-------- INFORMATION PROVIDED

(* For every closed subset $C\subseteq A$ and every $m\in\omega$, every $g\in\mathcal{G}_m$ that fixes $C\cap A_m$ pointwise extends to a permutation $\pi\in\mathcal{G}$ that fixes $C$ pointwise.
   Context: Let $\langle P,\preccurlyeq,\preccurlyeq^\ast\rangle$ be a doubly ordered set: $\preccurlyeq$ a partial order on $P$, $\preccurlyeq^\ast$ a preorder on $P$, and $p\preccurlyeq q\Rightarrow p\preccurlyeq^\ast q$. Write $p\prec q$ for ($p\preccurlyeq q$ and $p\neq q$). For a quadruple $\langle x_0,x_1,x_2,x_3\rangle$ and $i<4$, $\mathrm{pr}_i(\langle x_0,x_1,x_2,x_3\rangle)=x_i$. For a set $S$, $\mathscr{S}(S)$ is the set of permutations of $S$. Define recursively $A_0=\{\langle0,p,\varnothing,k\rangle\mid p\in P,k\in\omega\}$ and $A_{n+1}=A_n\cup\{\langle n+1,q,a,0\rangle\mid q\in P,a\in A_n,\mathrm{pr}_1(a)\prec q\}\cup\{\langle n+1,q,a,k\rangle\mid q\in P,a\in A_n,\mathrm{pr}_1(a)\not\preccurlyeq q,\mathrm{pr}_1(a)\preccurlyeq^\ast q,k\in\omega\}$; let $A=\bigcup_{n}A_n$. Define $\mathcal{G}_0=\{f\in\mathscr{S}(A_0)\mid \mathrm{pr}_1(f(a))=\mathrm{pr}_1(a)\text{ for all }a\in A_0\}$; for $f\in\mathscr{S}(A_{n+1})$, $f\in\mathcal{G}_{n+1}$ iff $f{\upharpoonright}A_n\in\mathcal{G}_n$ and for all $b\in A_{n+1}\setminus A_n$, $\mathrm{pr}_1(f(b))=\mathrm{pr}_1(b)$ and $\mathrm{pr}_2(f(b))=f(\mathrm{pr}_2(b))$. Let $\mathcal{G}=\{\pi\in\mathscr{S}(A)\mid \pi{\upharpoonright}A_n\in\mathcal{G}_n\text{ for all }n\}$. A subset $C\subseteq A$ is closed if (i) for all $n\in\omega$, all $a\in C\cap A_n$ and all $q\in P$ with $\mathrm{pr}_1(a)\prec q$, we have $\langle n+1,q,a,0\rangle\in C$, and (ii) for all $b\in C\setminus A_0$, $\mathrm{pr}_2(b)\in C$. *)

(* Elements of A are quadruples <n, p, a, k>; the third component is either
   the empty set (None) or an element of A (Some a). *)
Inductive node (P : Type) : Type :=
  | Node : nat -> P -> option (node P) -> nat -> node P.
Arguments Node {P} _ _ _ _.

Definition pr0 {P} (x : node P) : nat := match x with Node n _ _ _ => n end.
Definition pr1 {P} (x : node P) : P := match x with Node _ p _ _ => p end.
Definition pr2 {P} (x : node P) : option (node P) :=
  match x with Node _ _ a _ => a end.
Definition pr3 {P} (x : node P) : nat := match x with Node _ _ _ k => k end.

Definition strict {P} (le : P -> P -> Prop) (p q : P) : Prop := le p q /\ p <> q.

Fixpoint An {P} (le les : P -> P -> Prop) (n : nat) : node P -> Prop :=
  match n with
  | 0 => fun x => exists p k, x = Node 0 p None k
  | S n' => fun x =>
      An le les n' x
      \/ (exists q a, An le les n' a /\ strict le (pr1 a) q /\
                      x = Node (S n') q (Some a) 0)
      \/ (exists q a k, An le les n' a /\ ~ le (pr1 a) q /\ les (pr1 a) q /\
                        x = Node (S n') q (Some a) k)
  end.

Definition Aall {P} (le les : P -> P -> Prop) (x : node P) : Prop :=
  exists n, An le les n x.

Definition perm_on {T} (S : T -> Prop) (f : T -> T) : Prop :=
  (forall x, S x -> S (f x)) /\
  (forall x y, S x -> S y -> f x = f y -> x = y) /\
  (forall y, S y -> exists x, S x /\ f x = y).

(* G_n f : the restriction of f to A_n belongs to the group G_n *)
Fixpoint Gn {P} (le les : P -> P -> Prop) (n : nat) (f : node P -> node P) : Prop :=
  match n with
  | 0 => perm_on (An le les 0) f /\
         (forall a, An le les 0 a -> pr1 (f a) = pr1 a)
  | S n' => perm_on (An le les (S n')) f /\ Gn le les n' f /\
         (forall b, An le les (S n') b -> ~ An le les n' b ->
            pr1 (f b) = pr1 b /\ pr2 (f b) = option_map f (pr2 b))
  end.

Definition Gall {P} (le les : P -> P -> Prop) (pi : node P -> node P) : Prop :=
  perm_on (Aall le les) pi /\ forall n, Gn le les n pi.

Definition closed_set {P} (le les : P -> P -> Prop) (C : node P -> Prop) : Prop :=
  (forall n a q, C a -> An le les n a -> strict le (pr1 a) q ->
     C (Node (S n) q (Some a) 0)) /\
  (forall b, C b -> ~ An le les 0 b ->
     match pr2 b with Some a => C a | None => False end).

(* Extend g level by level: on A_m use g, and above level m send
   <n, q, a, k> to <n, q, pi(a), k>.  Since the extension preserves pr1, the
   image node satisfies the same admissibility condition as the original, so
   the map permutes each A_n and obeys the defining condition of G_n.  A closed
   set is closed under pr2 (the only half of closedness that is needed), so by
   induction on the level every element of C above level m is rebuilt from
   fixed points and is therefore fixed. *)

From Stdlib Require Import Lia Arith.

Lemma perm_on_ext {T} (S : T -> Prop) (f h : T -> T) :
  (forall x, S x -> f x = h x) -> perm_on S f -> perm_on S h.
Proof.
  intros E (Hmaps & Hinj & Hsurj); split; [|split].
  - intros x Hx; rewrite <- E; auto.
  - intros x y Hx Hy Hxy; apply Hinj; auto; rewrite !E; auto.
  - intros y Hy; destruct (Hsurj y Hy) as (x & Hx & <-).
    exists x; split; auto; symmetry; auto.
Qed.

Lemma perm_on_increasing_union {T} (S : nat -> T -> Prop) (f : T -> T) :
  (forall n k x, n <= k -> S n x -> S k x) ->
  (forall n, perm_on (S n) f) ->
  perm_on (fun x => exists n, S n x) f.
Proof.
  intros Hmono Hperm; split; [|split].
  - intros x (n & Hx); exists n; apply (Hperm n); auto.
  - intros x y (n1 & Hx) (n2 & Hy) E.
    apply (Hperm (n1 + n2)); auto; [apply (Hmono n1) | apply (Hmono n2)]; auto; lia.
  - intros y (n & Hy); destruct (proj2 (proj2 (Hperm n)) y Hy) as (x & Hx & E).
    exists x; split; auto; exists n; auto.
Qed.

Section Levels.

Variables (P : Type) (le les : P -> P -> Prop).

Definition admissible_child (a : node P) (q : P) (k : nat) : Prop :=
  (strict le (pr1 a) q /\ k = 0) \/ (~ le (pr1 a) q /\ les (pr1 a) q).

Lemma admissible_child_pr1 a a' q k :
  pr1 a' = pr1 a -> admissible_child a q k -> admissible_child a' q k.
Proof. unfold admissible_child; intros ->; auto. Qed.

Lemma An_level n x : An le les n x -> pr0 x <= n.
Proof.
  revert x; induction n as [|n IH]; intros x H; simpl in H.
  - destruct H as (p & k & ->); simpl; lia.
  - destruct H as [H | [(q & a & _ & _ & ->) | (q & a & k & _ & _ & _ & ->)]];
      simpl; try lia.
    apply IH in H; lia.
Qed.

Lemma An_mono n k x : n <= k -> An le les n x -> An le les k x.
Proof. intros Hk H; induction Hk; [exact H | simpl; left; exact IHHk]. Qed.

Lemma An_child n q a k :
  An le les n a -> admissible_child a q k ->
  An le les (S n) (Node (S n) q (Some a) k).
Proof.
  intros Ha [[Hs ->] | [Hnle Hles]]; simpl; right.
  - left; exists q, a; auto.
  - right; exists q, a, k; auto.
Qed.

Lemma An_S_inv n x :
  An le les (S n) x ->
  An le les n x \/
  exists q a k, x = Node (S n) q (Some a) k /\ An le les n a /\ admissible_child a q k.
Proof.
  simpl; intros [H | [(q & a & Ha & Hs & ->) | (q & a & k & Ha & Hnle & Hles & ->)]].
  - left; exact H.
  - right; exists q, a, 0; unfold admissible_child; auto.
  - right; exists q, a, k; unfold admissible_child; auto.
Qed.

Lemma An_inv n x :
  An le les n x ->
  (exists p k, x = Node 0 p None k) \/
  (exists n' q a k, x = Node (S n') q (Some a) k /\ An le les n' a /\
     admissible_child a q k /\ S n' <= n).
Proof.
  revert x; induction n as [|n IH]; intros x H; [left; exact H|].
  destruct (An_S_inv n x H) as [H' | (q & a & k & -> & Ha & Hc)].
  - destruct (IH x H') as [H0 | (n' & q & a & k & -> & Ha & Hc & Hl)]; [left; exact H0|].
    right; exists n', q, a, k; repeat split; auto; lia.
  - right; exists n, q, a, k; auto.
Qed.

Lemma An_at_level n x : An le les n x -> An le les (pr0 x) x.
Proof.
  intros H; destruct (An_inv n x H) as [(p & k & ->) | (n' & q & a & k & -> & Ha & Hc & _)].
  - exists p, k; reflexivity.
  - apply An_child; auto.
Qed.

Lemma Gn_perm_on n f : Gn le les n f -> perm_on (An le les n) f.
Proof. destruct n; simpl; tauto. Qed.

Lemma Gn_antimono n k f : n <= k -> Gn le les k f -> Gn le les n f.
Proof. intros Hk; induction Hk; auto; intros (_ & H & _); auto. Qed.

Lemma Gn_pr1 n f a : Gn le les n f -> An le les n a -> pr1 (f a) = pr1 a.
Proof.
  revert a; induction n as [|n IH]; intros a G Ha.
  - destruct G as (_ & G); auto.
  - destruct G as (_ & Gn' & Gnew).
    destruct (An_S_inv n a Ha) as [H | (q & b & k & -> & _ & _)]; [auto|].
    apply Gnew; auto; intros Hn; apply An_level in Hn; simpl in Hn; lia.
Qed.

Lemma Gn_ext n f h :
  (forall x, An le les n x -> f x = h x) -> Gn le les n f -> Gn le les n h.
Proof.
  revert f h; induction n as [|n IH]; intros f h E G.
  - destruct G as (Gperm & Gpr1); split; [eapply perm_on_ext; eauto|].
    intros a Ha; rewrite <- E; auto.
  - destruct G as (Gperm & Gn' & Gnew); split; [eapply perm_on_ext; eauto|split].
    + apply (IH f); auto; intros x Hx; apply E; simpl; left; auto.
    + intros b Hb Hn; rewrite <- E by auto.
      destruct (Gnew b Hb Hn) as (Hpr1 & Hpr2); split; auto; rewrite Hpr2.
      destruct (An_inv _ b Hb) as [(p & k & ->) | (n' & q & a & k & -> & Ha & _ & Hl)];
        simpl; auto.
      f_equal; apply E; simpl; left; apply (An_mono n'); auto; lia.
Qed.

Lemma Gn_S n f :
  Gn le les n f ->
  (forall q a k, An le les n a ->
     f (Node (S n) q (Some a) k) = Node (S n) q (Some (f a)) k) ->
  Gn le les (S n) f.
Proof.
  intros G Hnew; destruct (Gn_perm_on n f G) as (Hmaps & Hinj & Hsurj).
  assert (Hadm : forall a q k, An le les n a ->
            admissible_child a q k -> admissible_child (f a) q k).
  { intros a q k Ha; apply admissible_child_pr1, (Gn_pr1 n); auto. }
  split; [split; [|split] | split; [exact G|]].
  - intros x Hx; destruct (An_S_inv n x Hx) as [H | (q & a & k & -> & Ha & Hc)].
    + simpl; left; auto.
    + rewrite Hnew by auto; apply An_child; auto.
  - intros x y Hx Hy Hxy.
    destruct (An_S_inv n x Hx) as [H | (q & a & k & -> & Ha & _)];
    destruct (An_S_inv n y Hy) as [H' | (q' & a' & k' & -> & Ha' & _)].
    + auto.
    + rewrite Hnew in Hxy by auto; apply Hmaps, An_level in H.
      rewrite Hxy in H; simpl in H; lia.
    + rewrite Hnew in Hxy by auto; apply Hmaps, An_level in H'.
      rewrite <- Hxy in H'; simpl in H'; lia.
    + rewrite !Hnew in Hxy by auto; injection Hxy as -> Himg ->.
      rewrite (Hinj a a'); auto.
  - intros y Hy; destruct (An_S_inv n y Hy) as [H | (q & a & k & -> & Ha & Hc)].
    + destruct (Hsurj y H) as (x & Hx & E); exists x; split; auto; simpl; left; auto.
    + destruct (Hsurj a Ha) as (x & Hx & <-).
      exists (Node (S n) q (Some x) k); split; [|apply Hnew; auto].
      apply An_child; auto.
      apply admissible_child_pr1 with (f x); auto; symmetry; apply (Gn_pr1 n); auto.
  - intros b Hb Hn; destruct (An_S_inv n b Hb) as [H | (q & a & k & -> & Ha & _)];
      [tauto|].
    rewrite Hnew by auto; simpl; auto.
Qed.

End Levels.

Fixpoint extend {P} (m : nat) (g : node P -> node P) (x : node P) : node P :=
  match x with
  | Node n p o k => if n <=? m then g x else Node n p (option_map (extend m g) o) k
  end.

Lemma extend_low {P} m (g : node P -> node P) x : pr0 x <= m -> extend m g x = g x.
Proof.
  destruct x as [n p o k]; simpl; intros Hx.
  apply Nat.leb_le in Hx; rewrite Hx; reflexivity.
Qed.

Lemma extend_high {P} m (g : node P -> node P) n q a k :
  m < n -> extend m g (Node n q (Some a) k) = Node n q (Some (extend m g a)) k.
Proof. intros Hn; simpl; destruct (Nat.leb_spec n m); [lia | reflexivity]. Qed.

Lemma Gn_extend {P} (le les : P -> P -> Prop) m g n :
  Gn le les m g -> Gn le les n (extend m g).
Proof.
  intros Hg.
  assert (Hlow : forall n, n <= m -> Gn le les n (extend m g)).
  { intros n' Hn'; apply (Gn_ext P le les n' g); [|exact (Gn_antimono P le les n' m g Hn' Hg)].
    intros x Hx; symmetry; apply extend_low; apply An_level in Hx; lia. }
  induction n as [|n IH]; [apply Hlow; lia|].
  destruct (le_lt_dec (S n) m) as [Hn | Hn]; [apply Hlow; auto|].
  apply Gn_S; auto; intros; apply extend_high; auto.
Qed.

Lemma Gall_extend {P} (le les : P -> P -> Prop) m g :
  Gn le les m g -> Gall le les (extend m g).
Proof.
  intros Hg; split; [|intros n; apply Gn_extend; auto].
  apply perm_on_increasing_union; [apply An_mono|].
  intros n; apply Gn_perm_on, Gn_extend; auto.
Qed.

Lemma extend_fixes_closed {P} (le les : P -> P -> Prop) (C : node P -> Prop) m g :
  (forall x, C x -> Aall le les x) ->
  closed_set le les C ->
  (forall x, C x -> An le les m x -> g x = x) ->
  forall x, C x -> extend m g x = x.
Proof.
  intros HCA (_ & Hpr2) Hfix.
  assert (K : forall d x, pr0 x <= d -> C x -> extend m g x = x).
  { induction d as [|d IH]; intros x Hd Cx; destruct (HCA x Cx) as (n & Hn);
      (destruct (le_lt_dec (pr0 x) m) as [Hlow | Hhigh];
       [ rewrite extend_low by auto;
         apply Hfix; auto; exact (An_mono _ _ _ _ _ _ Hlow (An_at_level _ _ _ _ _ Hn)) |]);
      destruct (An_inv _ _ _ _ _ Hn) as [(p & k & ->) | (n' & q & a & k & -> & Ha & _ & _)];
      simpl in Hhigh, Hd; try lia.
    rewrite extend_high by auto.
    assert (Ca : C a) by (apply (Hpr2 _ Cx); intros (? & ? & E); discriminate E).
    rewrite (IH a); auto; apply An_level in Ha; lia. }
  intros x Cx; apply (K (pr0 x)); auto.
Qed.

Theorem lemma2p3 (P : Type) (le les : P -> P -> Prop)
  (le_refl : forall p, le p p)
  (le_antisym : forall p q, le p q -> le q p -> p = q)
  (le_trans : forall p q r, le p q -> le q r -> le p r)
  (les_refl : forall p, les p p)
  (les_trans : forall p q r, les p q -> les q r -> les p r)
  (le_les : forall p q, le p q -> les p q)
  (C : node P -> Prop)
  (HCA : forall x, C x -> Aall le les x)
  (HC : closed_set le les C)
  (m : nat) (g : node P -> node P)
  (Hg : Gn le les m g)
  (Hfix : forall x, C x -> An le les m x -> g x = x) :
  exists pi : node P -> node P,
    Gall le les pi /\
    (forall x, An le les m x -> pi x = g x) /\
    (forall x, C x -> pi x = x).
Proof.
  exists (extend m g); split; [|split].
  - apply Gall_extend; exact Hg.
  - intros x Hx; exact (extend_low m g x (An_level P le les m x Hx)).
  - apply (extend_fixes_closed le les); assumption.
Qed.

----------------

WHAT YOU SHOULD DO -> Above are records; repeat only the lines starting at the line with "- destruct G as (_ & G); auto." and ending at the line with "destruct (Gnew b", exactly as they appear, both included.

COMPLETED TASK ->
  - destruct G as (_ & G); auto.
  - destruct G as (_ & Gn' & Gnew).
    destruct (An_S_inv n a Ha) as [H | (q & b & k & -> & _ & _)]; [auto|].
    apply Gnew; auto; intros Hn; apply An_level in Hn; simpl in Hn; lia.
Qed.

Lemma Gn_ext n f h :
  (forall x, An le les n x -> f x = h x) -> Gn le les n f -> Gn le les n h.
Proof.
  revert f h; induction n as [|n IH]; intros f h E G.
  - destruct G as (Gperm & Gpr1); split; [eapply perm_on_ext; eauto|].
    intros a Ha; rewrite <- E; auto.
  - destruct G as (Gperm & Gn' & Gnew); split; [eapply perm_on_ext; eauto|split].
    + apply (IH f); auto; intros x Hx; apply E; simpl; left; auto.
    + intros b Hb Hn; rewrite <- E by auto.
      destruct (Gnew b Hb Hn) as (Hpr1 & Hpr2); split; auto; rewrite Hpr2.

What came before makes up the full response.